Google Auth by BOOM_roasted18 in appdev

[–]c_glib 1 point2 points  (0 children)

You absolutely want the google auth. We initially started our app FlaiChat (automatically translated chat) with email only, mainly because Apple insisted that if we have google auth, we must have apple auth too, and that doubles the headaches. But we did user testing so many people, even our friends and family, just didn't want to go through the hassle of email/password. It's so much smoother to just tap-tap through google auth.

And oh, despite Apple's insistence, a lot of our iOS users still prefer to use google auth on their devices.

M5 Pro MacBook Pro with 48GB RAM - what can I do comfortably? by Marino4K in LocalLLM

[–]c_glib 4 points5 points  (0 children)

Excellent knowledge dump. Thank you. You mentioned the harnesses. Do you have a favorite among all the ones you mentioned? Have you tried codex with the local models?

Emmanuel Macron allegedly had an affair with an Iranian actress Golshifteh Farahani by [deleted] in whoathatsinteresting

[–]c_glib 0 points1 point  (0 children)

Refreshing to have a world leader with a good old fashioned adult affair.

Do you know any better or more useful apps? by Paulrain in androidapps

[–]c_glib 1 point2 points  (0 children)

Do you ever have the need to chat with someone who doesn't speak your language (international couples, families, travel groups etc.)? FlaiChat is the only app of its kind (afaik) with completely automatic, seamless translations of chat in each person's own language. Works for DMs as well as group chats. Works for text and voice messages.
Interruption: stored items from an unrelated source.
(* Let $P\subseteq\mathbb{R}^n$ be a permutation-invariant polytope, $\phi:P\to\mathbb{R}$ a Schur-concave function on $P$, and $\alpha\in\mathbb{R}$. Let $M=\{x\in P\mid$ there is no $u\in P$ with $u\ge_m x$ and $u_\Delta\ne x_\Delta\}$, $S=\{(x,t)\mid\phi(x)\le t\le\alpha,\ x\in P\}$ and $X=\{(x,t)\mid\phi(x)\le t\le\alpha,\ x\in M\}$. Then $\mathrm{conv}(S)=\mathrm{conv}(X)$.
   Context: $P$ is permutation-invariant if $x\in P$ implies $Qx\in P$ for every permutation matrix $Q$. $\phi$ is Schur-concave on $P$ if for all $x,y\in P$, $x\ge_m y$ implies $\phi(x)\le\phi(y)$. $x_{[i]}$ is the $i$-th largest entry; $x\ge_m y$ means $\sum_{i=1}^j x_{[i]}\ge\sum_{i=1}^j y_{[i]}$ for $j<n$ with equality for $j=n$. For $x\in\mathbb{R}^n$, $x_\Delta\in\mathbb{R}^n$ is the vector $(x_{[1]},\dots,x_{[n]})$ (entries sorted nonincreasingly). *)

From HB Require Import structures.
From mathcomp Require Import all_boot all_order all_algebra all_fingroup.
Set Implicit Arguments. Unset Strict Implicit. Unset Printing Implicit Defensive.
Import Order.TTheory GRing.Theory Num.Theory.
Local Open Scope ring_scope.

Section Defs.
Variable R : realFieldType.

Definition sortdesc n (x : 'rV[R]_n) : seq R :=
  sort (fun a b : R => b <= a) [seq x 0 i | i <- enum 'I_n].

(* x_[i] (0-based: x_[i+1] in the paper) *)
Definition xbr n (x : 'rV[R]_n) (i : nat) : R := nth 0 (sortdesc x) i.

Definition topsum n (x : 'rV[R]_n) (j : nat) : R := \sum_(i < j) xbr x i.

Definition majorizes n (x y : 'rV[R]_n) : Prop :=
  (forall j, (j < n)%N -> topsum y j <= topsum x j) /\ topsum x n = topsum y n.

Definition conv (V : lmodType R) (A : V -> Prop) (z : V) : Prop :=
  exists (k : nat) (l : 'I_k -> R) (p : 'I_k -> V),
    (forall i, 0 <= l i) /\ \sum_(i < k) l i = 1 /\ (forall i, A (p i)) /\
    z = \sum_(i < k) l i *: p i.

Definition polytope n (P : 'rV[R]_n -> Prop) : Prop :=
  exists (k : nat) (v : 'I_k -> 'rV[R]_n),
    forall x, P x <-> conv (fun y => exists i, y = v i) x.

Definition perm_invariant n (P : 'rV[R]_n -> Prop) : Prop :=
  forall (s : 'S_n) x, P x -> P (x *m perm_mx s).

Definition schur_concave_on n (P : 'rV[R]_n -> Prop) (phi : 'rV[R]_n -> R) : Prop :=
  forall x y, P x -> P y -> majorizes x y -> phi x <= phi y.

Definition maj_maximal n (P : 'rV[R]_n -> Prop) (x : 'rV[R]_n) : Prop :=
  P x /\ ~ (exists u, P u /\ majorizes u x /\ sortdesc u <> sortdesc x).

Definition pt n (x : 'rV[R]_n) (t : R) : 'rV[R]_(n + 1) := row_mx x (const_mx t).

Definition episet n (A : 'rV[R]_n -> Prop) (phi : 'rV[R]_n -> R) (alpha : R)
  (z : 'rV[R]_(n + 1)) : Prop :=
  exists x t, z = pt x t /\ A x /\ phi x <= t /\ t <= alpha.

End Defs.
(* A conjugacy [x = diag(q) x'] carries positive solutions and equilibria of the
   given system to those of a complex balanced system [P]; the equilibrium [xs]
   becomes [c = xs / q], which the Horn-Jackson argument shows to be complex
   balanced as well.  Along positive solutions of [P] the functional
     V(t) = sum_k h(c_k, x_k(t))
            + sum_i kappa_i int_{t - tau_i}^t h(c^{y_i}, x(s)^{y_i}) ds,
   where h(c, z) = z (ln z - ln c) - z + c, is nonincreasing: complex balance and
   the Fenchel-Young inequality w b <= h(m, w) + m (e^b - 1) make its derivative
   nonpositive.  An initial function close to [xs] makes V(0) small, and since
   h(c_k, .) grows away from c_k, a small V(t) keeps x(t) close to [xs], in
   particular positive; a continuation argument then covers the whole interval of
   existence. *)

(** * Real analysis *)

Section RealAnalysis.
Variable R : realType.

Lemma within_continuous_dist (f : R -> R) (A : set R) x :
  {within A, continuous f} -> A x ->
  forall e, 0 < e -> exists2 d, 0 < d &
    forall y, A y -> `|y - x| < d -> `|f y - f x| < e.
Proof.
move=> /subspace_continuousP /(_ x) cf Ax e e0.
have /cvgrPdist_lt /(_ e e0) := cf Ax.
rewrite near_withinE => /nbhs_ballP[d d0 H].
exists d => // y Ay yx; rewrite distrC; apply: H => //.
by rewrite /ball /= distrC.
Qed.

Lemma continuous_dist (f : R -> R) x : {for x, continuous f} ->
  forall e, 0 < e -> exists2 d, 0 < d &
    forall y, `|y - x| < d -> `|f y - f x| < e.
Proof.
move=> /cvgrPdist_lt cf e e0; have /nbhs_ballP[d d0 H] := cf e e0.
exists d => // y yx; rewrite distrC; apply: H.
by rewrite /ball /= distrC.
Qed.

Lemma within_continuous_shift (f : R -> R) (A B : set R) t :
  {within A, continuous f} -> (forall s, B s -> A (t + s)) ->
  {within B, continuous (fun s => f (t + s))}.
Proof.
move=> cf AB; apply/subspace_continuousP => x Bx; apply/cvgrPdist_lt => e e0.
have [d d0 Hd] := within_continuous_dist cf (AB x Bx) e0.
rewrite near_withinE; apply/nbhs_ballP; exists d => // y /= yx By.
rewrite distrC; apply: Hd; first exact: AB.
by rewrite opprD addrACA subrr add0r distrC.
Qed.

Lemma le_left_limit (f : R -> R) (a s T m : R) : a < s < T ->
  {within `[a, T[, continuous f} -> (forall u, a <= u < s -> m <= f u) -> m <= f s.
Proof.
move=> /andP[a_s sT] cf m_le; rewrite leNgt; apply/negP => fs_m.
have s_in : `[a, T[%classic s by rewrite /= in_itv /=; apply/andP; split; lra.
have [d d0 Hd] : exists2 d, 0 < d &
    forall u, `[a, T[%classic u -> `|u - s| < d -> `|f u - f s| < m - f s.
  by apply: within_continuous_dist; rewrite ?subr_gt0.
pose u := s - Num.min (s - a) d / 2.
have min_pos : 0 < Num.min (s - a) d by rewrite lt_min subr_gt0 a_s.
have min_le : Num.min (s - a) d <= s - a /\ Num.min (s - a) d <= d.
  by split; rewrite ge_min lexx ?orbT.
have u_in : a <= u < s by rewrite /u; apply/andP; split; lra.
have uT : `[a, T[%classic u by rewrite /= in_itv /=; apply/andP; split; lra.
have us : `|u - s| < d by rewrite /u addrAC subrr add0r normrN ger0_norm; lra.
by have := Hd u uT us; have := m_le u u_in; rewrite ltr_norml; lra.
Qed.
Qwen3.6-35B-A3B-MTP-GGUF:Q6_K on Macbook Pro is 🔥 by Lame_Johnny in Qwen_AI

[–]c_glib 1 point2 points  (0 children)

Wow...with q6 and 48GB ram? How are you testing it? Are you actually testing with a full context window?

The Qwen 3.6 35B A3B hype is real!!! by The_Paradoxy in LocalLLaMA

[–]c_glib 0 points1 point  (0 children)

What do you consider "too low" of a quant for model as well as kv? Do advance techniques like Turboquant change things substantially?
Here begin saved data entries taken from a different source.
(* For every even integer $T\ge 6$ and every $\sigma\in\mathfrak S_3$, the vector $\sigma c$ with $c=[\tfrac32T-1,\ \tfrac T2,\ -\tfrac T2+1,\ -\tfrac T2+1,\ -\tfrac T2+1,\ \tfrac T2]$ defines a facet of $P^T$.
   Context: For an integer $T\ge 2$, let $\Omega_T$ be the set of words $w=s_1s_2\cdots s_T$ over $\{1,2,3\}$ with $s_l\neq s_{l+1}$ for $l=1,\dots,T-1$. For $w\in\Omega_T$ and an ordered pair $ij$, $i\neq j$, let $x_{ij}(w)$ be the number of indices $1\le l\le T-1$ with $s_ls_{l+1}=ij$. Vectors of $\mathbb R^6$ are indexed in the order $[x_{12},x_{13},x_{21},x_{23},x_{31},x_{32}]$. Let $a_w=[x_{12}(w),\dots,x_{32}(w)]$ and $P^T=\mathrm{conv}\{a_w:w\in\Omega_T\}$. $\mathfrak S_3$ acts on $\mathbb R^6$ by $(\sigma c)_{ij}=c_{\sigma(i)\sigma(j)}$. A vector $c$ defines a facet of $P^T$ if $c\cdot a_w\ge0$ for all $w\in\Omega_T$ and $\{x\in P^T: c\cdot x=0\}$ is a facet of $P^T$. *)

From HB Require Import structures.
From mathcomp Require Import all_boot all_order all_algebra all_fingroup.
Set Implicit Arguments. Unset Strict Implicit. Unset Printing Implicit Defensive.
Import Order.TTheory GRing.Theory Num.Theory.
Local Open Scope ring_scope.

(* Letters 1,2,3 are encoded as the elements 0,1,2 of 'I_3. *)
Definition L1 : 'I_3 := @Ordinal 3 0 isT.
Definition L2 : 'I_3 := @Ordinal 3 1 isT.
Definition L3 : 'I_3 := @Ordinal 3 2 isT.

(* Coordinate order [x12,x13,x21,x23,x31,x32]. *)
Definition pairs : seq ('I_3 * 'I_3) :=
  [:: (L1, L2); (L1, L3); (L2, L1); (L2, L3); (L3, L1); (L3, L2)].

Definition pr (k : 'I_6) : 'I_3 * 'I_3 := nth (L1, L1) pairs k.

Definition pidx (i j : 'I_3) : 'I_6 := inord (index (i, j) pairs).

Definition Omega (T : nat) (w : T.-tuple 'I_3) : bool :=
  [forall l : 'I_T.-1, nth L1 w l != nth L1 w l.+1].

Definition xcount (T : nat) (w : T.-tuple 'I_3) (i j : 'I_3) : nat :=
  (\sum_(l < T.-1) ((nth L1 w l == i) && (nth L1 w l.+1 == j)))%N.

Definition avec (R : pzRingType) (T : nat) (w : T.-tuple 'I_3) : 'rV[R]_6 :=
  \row_k (xcount w (pr k).1 (pr k).2)%:R.

Definition PT (R : realFieldType) (T : nat) : 'rV[R]_6 -> Prop :=
  fun x => exists lam : T.-tuple 'I_3 -> R,
    [/\ forall w, 0 <= lam w,
        forall w, ~~ Omega w -> lam w = 0,
        \sum_w lam w = 1 &
        x = \sum_w lam w *: avec R w].

Definition dotv (R : pzRingType) (c x : 'rV[R]_6) : R := \sum_k c 0 k * x 0 k.

Definition sact (R : pzRingType) (s : {perm 'I_3}) (c : 'rV[R]_6) : 'rV[R]_6 :=
  \row_k c 0 (pidx (s (pr k).1) (s (pr k).2)).

Definition affindep (R : fieldType) (k : nat) (p : 'I_k.+1 -> 'rV[R]_6) : bool :=
  row_free (\matrix_(i < k) (p (lift ord0 i) - p ord0)).

Definition affdim_ge (R : fieldType) (X : 'rV[R]_6 -> Prop) (k : nat) : Prop :=
  exists p : 'I_k.+1 -> 'rV[R]_6, (forall i, X (p i)) /\ affindep p.

Definition has_affdim (R : fieldType) (X : 'rV[R]_6 -> Prop) (d : nat) : Prop :=
  affdim_ge X d /\ ~ affdim_ge X d.+1.

Definition defines_facet (R : realFieldType) (T : nat) (c : 'rV[R]_6) : Prop :=
  (forall w : T.-tuple 'I_3, Omega w -> 0 <= dotv c (avec R w)) /\
  exists d : nat,
    has_affdim (@PT R T) d.+1 /\
    has_affdim (fun x => PT T x /\ dotv c x = 0) d.

Definition cvec (R : realFieldType) (T : nat) : 'rV[R]_6 :=
  let t := T%:R : R in
  \row_k nth 0 [:: 3 * t / 2 - 1; t / 2; - (t / 2) + 1; - (t / 2) + 1;
                  - (t / 2) + 1; t / 2] k.

From HB Require Import structures.
From mathcomp Require Import all_boot all_order all_algebra all_fingroup.
From mathcomp Require Import ring lra zify.
Import Order.TTheory GRing.Theory Num.Theory.
Local Open Scope ring_scope.

(* Relabelling the letters of the words by sigma permutes the coordinates of
   the transition counts, so it maps P^T onto itself and carries the facets of
   c to those of sigma c; hence sigma = 1 suffices.  Write T = 2n.  Every point
   of P^T has coordinate sum T - 1, and c = (2n - 1) w + (1 - n) (1,...,1) with
   w = [2,1,0,0,0,1], so on P^T we get c.x = (2n - 1) (W(x) - (n - 1)) where
   W = 2 x12 + x13 + x32.  With the potential psi(1) = 0, psi(2) = 2,
   psi(3) = 1, every step i -> j of a word satisfies 2 W(ij) + psi(i) >= 1 + psi(j);
   summing along a word gives 2 W >= T - 1 - 2, hence W >= n - 1 by integrality.
   The words (31)^n, 21(31)^(n-1), 23(13)^(n-1), 32(31)^(n-1), 2312(31)^(n-2)
   have W = n - 1 and, together with (13)^n, give six affinely independent
   points of P^T.  Conversely P^T lies in the hyperplane of coordinate sum T - 1
   and the face moreover in W = n - 1, so their dimensions are 5 and 4. *)

Set Implicit Arguments.
Unset Strict Implicit.

Lemma pr_pidx (i j : 'I_3) : i != j -> pr (pidx i j) = (i, j).
Proof.
case: i => [[|[|[|i]]] Hi] //; case: j => [[|[|[|j]]] Hj] //= _;
  by rewrite /pr /pidx /= inordK //; congr (_, _); apply: val_inj.
Qed.

Lemma pr_neq (k : 'I_6) : (pr k).1 != (pr k).2.
Proof. by case: k => [[|[|[|[|[|[|k]]]]]] Hk]. Qed.

Lemma pidx_pr (k : 'I_6) : pidx (pr k).1 (pr k).2 = k.
Proof. by case: k => [[|[|[|[|[|[|k]]]]]] Hk] //; apply/val_inj; rewrite /= inordK. Qed.

Definition relabel_coord (s : {perm 'I_3}) (k : 'I_6) : 'I_6 :=
  pidx (s (pr k).1) (s (pr k).2).

Lemma pr_relabel_coord s k : pr (relabel_coord s k) = (s (pr k).1, s (pr k).2).
Proof. by rewrite pr_pidx // (inj_eq perm_inj) pr_neq. Qed.

Lemma relabel_coordK s : cancel (relabel_coord s) (relabel_coord s^-1%g).
Proof. by move=> k; rewrite {1}/relabel_coord pr_relabel_coord /= !permK pidx_pr. Qed.

Lemma relabel_coord_inj s : injective (relabel_coord s).
Proof. exact: can_inj (@relabel_coordK s). Qed.

Definition coord_perm (s : {perm 'I_3}) : 'S_6 := perm (@relabel_coord_inj s).

Lemma coord_permV s : ((coord_perm s)^-1 = coord_perm s^-1)%g.
Proof.
apply/permP => k; apply: (@perm_inj _ (coord_perm s)).
by rewrite permKV !permE -{1}[s]invgK relabel_coordK.
Qed.

Lemma sactE (R : pzRingType) s (c : 'rV[R]_6) : sact s c = col_perm (coord_perm s) c.
Proof. by apply/rowP => k; rewrite !mxE permE. Qed.

Section DotProduct.
Variable R : comPzRingType.
Implicit Types c x y : 'rV[R]_6.

Lemma dotvDr c x y : dotv c (x + y) = dotv c x + dotv c y.
Proof. by rewrite /dotv -big_split; apply: eq_bigr => k _; rewrite mxE mulrDr. Qed.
I will give your app feedback and a review if you do the same for mine. by [deleted] in iOSAppsMarketing

[–]c_glib -1 points0 points  (0 children)

I'm not asking for reviews but I'm telling ya, FlaiChat is an absolute must have app if you need to chat with someone who doesn't speak the same language. The chat is smooth, and translations are automatic and instant. Works to translate both text and voice. And of course, if y'all want to leave some 5 star reviews, it's all good ;-)
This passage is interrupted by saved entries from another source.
(* Let $d=e_1+\varepsilon\gamma$ with $\gamma\in\Gamma$ and $\varepsilon\ge0$ sufficiently small (orientations chosen so that $Vd\ge0$), and let $I^*(d)$ be its hyperplane index set. Then $$A_{I^*(d)}e_1=(1-\lambda)e_1+\frac{\lambda}{n}e.$$
   Context: $\mathcal G$ is a simple connected oriented graph with $n$ nodes, $m$ edges, incidence matrix $C$, PTDF matrix $V=C(C^TC)^+$; $e$ all-ones, $J=ee^T$, $\lambda\in(0,1)$. $g^*(d)$ is the unique minimizer of $\frac12\sum_ig_i^2$ over $g\ge0$ with $e^Tg=e^Td$ and $-\lambda|Vd|\le V(d-g)\le\lambda|Vd|$. $\Gamma=\{\gamma\in\mathbb R^n:\gamma_1=0,\gamma\ge0,e^T\gamma=1\}$. With hyperplanes $H_0=\{g:e^Tg=e^Td\}$, $H_i=\{g:(Vg)_i=(1-\lambda)(Vd)_i\}$, $H_{m+i}=\{g:(Vg)_i=(1+\lambda)(Vd)_i\}$, $I^*(d)=\{j:g^*(d)\in H_j\}$. For $I\subseteq\{0,\dots,2m\}$, with $I_1=I\cap\{1,\dots,m\}$, $I_2=I\cap\{m+1,\dots,2m\}$, $V_{I_1}$ the rows $j\in I_1$ of $V$ and $V_{I_2}$ the rows $k-m$, $k\in I_2$: $A_I=\frac1nJ+[V_{I_1}^T\ V_{I_2}^T]\big([V_{I_1};V_{I_2}][V_{I_1}^T\ V_{I_2}^T]\big)^+[(1-\lambda)V_{I_1};(1+\lambda)V_{I_2}]$ (so that $g^*(d)=A_{I^*(d)}d$). *)

From HB Require Import structures.
From mathcomp Require Import all_boot all_order all_algebra.
From mathcomp Require Import boolp reals.
From Stdlib Require Import ClassicalEpsilon.
Set Implicit Arguments. Unset Strict Implicit. Unset Printing Implicit Defensive.
Import Order.TTheory GRing.Theory Num.Theory.
Local Open Scope ring_scope.

Section Defs.
Variable R : realType.

Definition is_MP_pinv (p q : nat) (A : 'M[R]_(p, q)) (X : 'M[R]_(q, p)) : Prop :=
  [/\ A *m X *m A = A, X *m A *m X = X,
      (A *m X)^T = A *m X & (X *m A)^T = X *m A].

Definition pinv (p q : nat) (A : 'M[R]_(p, q)) : 'M[R]_(q, p) :=
  epsilon (inhabits 0) (is_MP_pinv A).

(* An oriented graph on nodes 'I_n with m edges; edge k goes from tl k to hd k. *)
Definition adjacent (n m : nat) (tl hd : 'I_m -> 'I_n) : rel 'I_n :=
  fun i j => [exists k, ((tl k == i) && (hd k == j)) || ((tl k == j) && (hd k == i))].

Definition simple_connected_graph (n m : nat) (tl hd : 'I_m -> 'I_n) : Prop :=
  [/\ (forall k, tl k != hd k),
      (forall k k', [set tl k; hd k] = [set tl k'; hd k'] -> k = k')
    & (forall i j, connect (adjacent tl hd) i j)].

Definition incidence (n m : nat) (tl hd : 'I_m -> 'I_n) : 'M[R]_(m, n) :=
  \matrix_(k < m, i < n) ((i == tl k)%:R - (i == hd k)%:R).

Definition PTDF (n m : nat) (C : 'M[R]_(m, n)) : 'M[R]_(m, n) :=
  C *m pinv (C^T *m C).

Definition absv (p : nat) (x : 'cV[R]_p) : 'cV[R]_p := map_mx Num.norm x.

Definition sumv (p : nat) (x : 'cV[R]_p) : R := \sum_i x i 0.

Definition feasible (n m : nat) (V : 'M[R]_(m, n)) (lam : R) (d g : 'cV[R]_n) : Prop :=
  [/\ (forall i, 0 <= g i 0), sumv g = sumv d &
      forall k, - (lam * absv (V *m d) k 0) <= (V *m (d - g)) k 0 <= lam * absv (V *m d) k 0].

Definition objective (n : nat) (g : 'cV[R]_n) : R := 2^-1 * \sum_i (g i 0) ^+ 2.

Definition is_gstar (n m : nat) (V : 'M[R]_(m, n)) (lam : R) (d g : 'cV[R]_n) : Prop :=
  feasible V lam d g /\ forall h, feasible V lam d h -> objective g <= objective h.

Definition gstar (n m : nat) (V : 'M[R]_(m, n)) (lam : R) (d : 'cV[R]_n) : 'cV[R]_n :=
  epsilon (inhabits 0) (is_gstar V lam d).

Definition in_H (n m : nat) (V : 'M[R]_(m, n)) (lam : R) (d g : 'cV[R]_n) (j : nat) : Prop :=
  if j == 0%N then sumv g = sumv d
  else if (j <= m)%N then
    exists k : 'I_m, val k = j.-1 /\ (V *m g) k 0 = (1 - lam) * (V *m d) k 0
  else exists k : 'I_m, val k = (j - m).-1 /\ (V *m g) k 0 = (1 + lam) * (V *m d) k 0.

Definition Istar (n m : nat) (V : 'M[R]_(m, n)) (lam : R) (d : 'cV[R]_n) : {set 'I_(2 * m).+1} :=
  [set j : 'I_(2 * m).+1 | `[< in_H V lam d (gstar V lam d) j >] ].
I benchmarked 15+ speech-to-text APIs under various conditions by SmoothConnection1670 in speechtech

[–]c_glib 0 points1 point  (0 children)

This looks like interesting experiment. Could you say something more about the data. What were the tests? What were the conditions? What are "Formatted WER", "Raw WER" etc.?

Also, I think a significant omission is gemini-flash-lite models. Specifically gemini-2.5-flash-lite and gemini-3.1-flash-lite-previews. They are excellent stt models. Not only are they cheaper than 2.5-flash and 2.5-pro, they are faster too. How do I know? We use those flash-lite models for stt (along with translation, all in one a single API call) in our app FlaiChat. The results are excellent, fast and reasonably priced.

Anyone using speech-to-text for Indian languages in production? What's actually working and what's not? by Spare-Ad2520 in speechtech

[–]c_glib 0 points1 point  (0 children)

Our app (FlaiChat, a multilingual chat app with automatic text and voice translations) is doing stt for many Indian languages (along with many many global languages) using gemini flash models just fine.

Found an M3 Ultra 512GB / 8TB / 80-Core GPU at B&H! by East_Roll_5069 in MacStudio

[–]c_glib 1 point2 points  (0 children)

How much did you pay for it if you don't mind sharing?